A 46-year-old woman presented with the following personal history: a) hypertension treated with Irbesartán 150 mg/day; and b) subclinical hypothyroidism, diagnosed after the incidental finding of elevated TSH.
The patient was diagnosed with chronic HCV liver disease, genotype 1b, with persistent elevation of transaminases.
After weighing the risks-benefits of the treatment, it was decided to start therapy with PEG IFN a-2b 100 mcg/week and ribavirin 800 mg/24 hours.
At the beginning of treatment he had a complete blood count, biochemistry and normal antibody tests.
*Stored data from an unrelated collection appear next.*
Lemma sweedler3_antipode12r a (H : A -> A -> V) : linear2 H ->
  Σ(x ⊗ u ⊗ v <- a) H (x * S u) v = H 1 a.
Proof.
case=> H1 H2; rewrite -(@sweedler_coassoc _ _ (fun x u v => H (x * S u) v)); last first.
  by multilinearity.
rewrite -(@sweedler_counitl _ a (H 1)) //.
by apply: eq_sweedler => w v; apply: (sweedler_antipoder _ (H1 v)).
Qed.

End IteratedSums.

(** * The antipode of a cocommutative Hopf algebra *)

Lemma antipode1 : S 1 = 1.
Proof.
have := antipodel 1; rewrite sweedler1; last by multilinearity.
by rewrite mulr1 eps1 scale1r.
Qed.

Lemma antipodeM x y : S (x * y) = S y * S x.
Proof.
have contract : Σ(x1 ⊗ x2 ⊗ x3 <- x) Σ(y1 ⊗ y2 ⊗ y3 <- y)
    S (x1 * y1) * (x2 * y2) * (S y3 * S x3) = S (x * y).
  transitivity (Σ(x1 ⊗ x2 ⊗ x3 <- x) S (x1 * y) * (x2 * S x3)).
    apply: eq_sweedler => x1 w; apply: eq_sweedler => x2 x3.
    transitivity (Σ(y1 ⊗ y2 ⊗ y3 <- y) S (x1 * y1) * x2 * (y2 * S y3) * S x3).
      by apply: eq_sweedler => y1 v; apply: eq_sweedler => y2 y3; rewrite !mulrA.
    rewrite (@sweedler3_antipode23r _ y (fun p m => S (x1 * p) * x2 * m * S x3)).
      by rewrite mulr1 mulrA.
    by multilinearity.
  by rewrite (@sweedler3_antipode23r _ x (fun p m => S (p * y) * m)) ?mulr1 //; multilinearity.
rewrite -contract -(@sweedler_coassoc _ x (fun x1 x2 x3 => Σ(y1 ⊗ y2 ⊗ y3 <- y)
    S (x1 * y1) * (x2 * y2) * (S y3 * S x3))); last by multilinearity.
transitivity (Σ(p ⊗ x3 <- x) Σ(q ⊗ y3 <- y) (eps p * eps q) *: (S y3 * S x3)); last first.
  rewrite -(@sweedler_counitl _ x (fun z => S y * S z)); last by linearity.
  apply: eq_sweedler => p x3; rewrite -(@sweedler_counitl _ y (fun z => S z * S x3)).
    by rewrite scaler_sweedler; apply: eq_sweedler => q y3; rewrite scalerA.
  by linearity.
apply: eq_sweedler => p x3.
transitivity (Σ(x1 ⊗ x2 <- p) Σ(q ⊗ y3 <- y) Σ(y1 ⊗ y2 <- q)
    S (x1 * y1) * (x2 * y2) * (S y3 * S x3)).
  apply: eq_sweedler => x1 x2; rewrite (@sweedler_coassoc _ y
    (fun y1 y2 y3 => S (x1 * y1) * (x2 * y2) * (S y3 * S x3))) //; multilinearity.
rewrite exchange_sweedler; apply: eq_sweedler => q y3.
rewrite -(@sweedlerM _ p q (fun m n => S m * n * (S y3 * S x3))); last by multilinearity.
rewrite -(@linear_sweedler _ _ (fun m n => S m * n) (fun z => z * (S y3 * S x3))).
  by rewrite antipodel epsM -scalerAl mul1r.
by linearity.
Qed.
At three months, the patient came to consultation due to weight loss of 8 kg, hypersalivation, tremors and asthenia.
If hyperthyroidism develops, treatment is suspended, TSH levels are determined 1.21 mNA, T3 4.21 mU/ml and T4 1.76 mNA
He was diagnosed with hyperthyroidism and started treatment with propranololol.
At four weeks the patient normalized TSH and thyroid hormones.
Thrombopyenia was monitored at the same time, with values of 109,000/ml at the time of withdrawal of the treatment and in spite of its withdrawal, it intensified until reaching 18,000/ml.
The patient is evaluated by the Hematology Department where it is performed: a) complete coagulation study, which was normal; b) smears: large platelets without morphological changes; and c) peripheral thrombocytopenia with bone marrow aspirate.
After reviewing all the results and the patient's history, she was diagnosed with idiopathic thrombocytopenic purpura secondary to treatment with PEG IFN.
After establishing a corticosteroid regimen, platelet counts remaining normal after steroid withdrawal were normalized.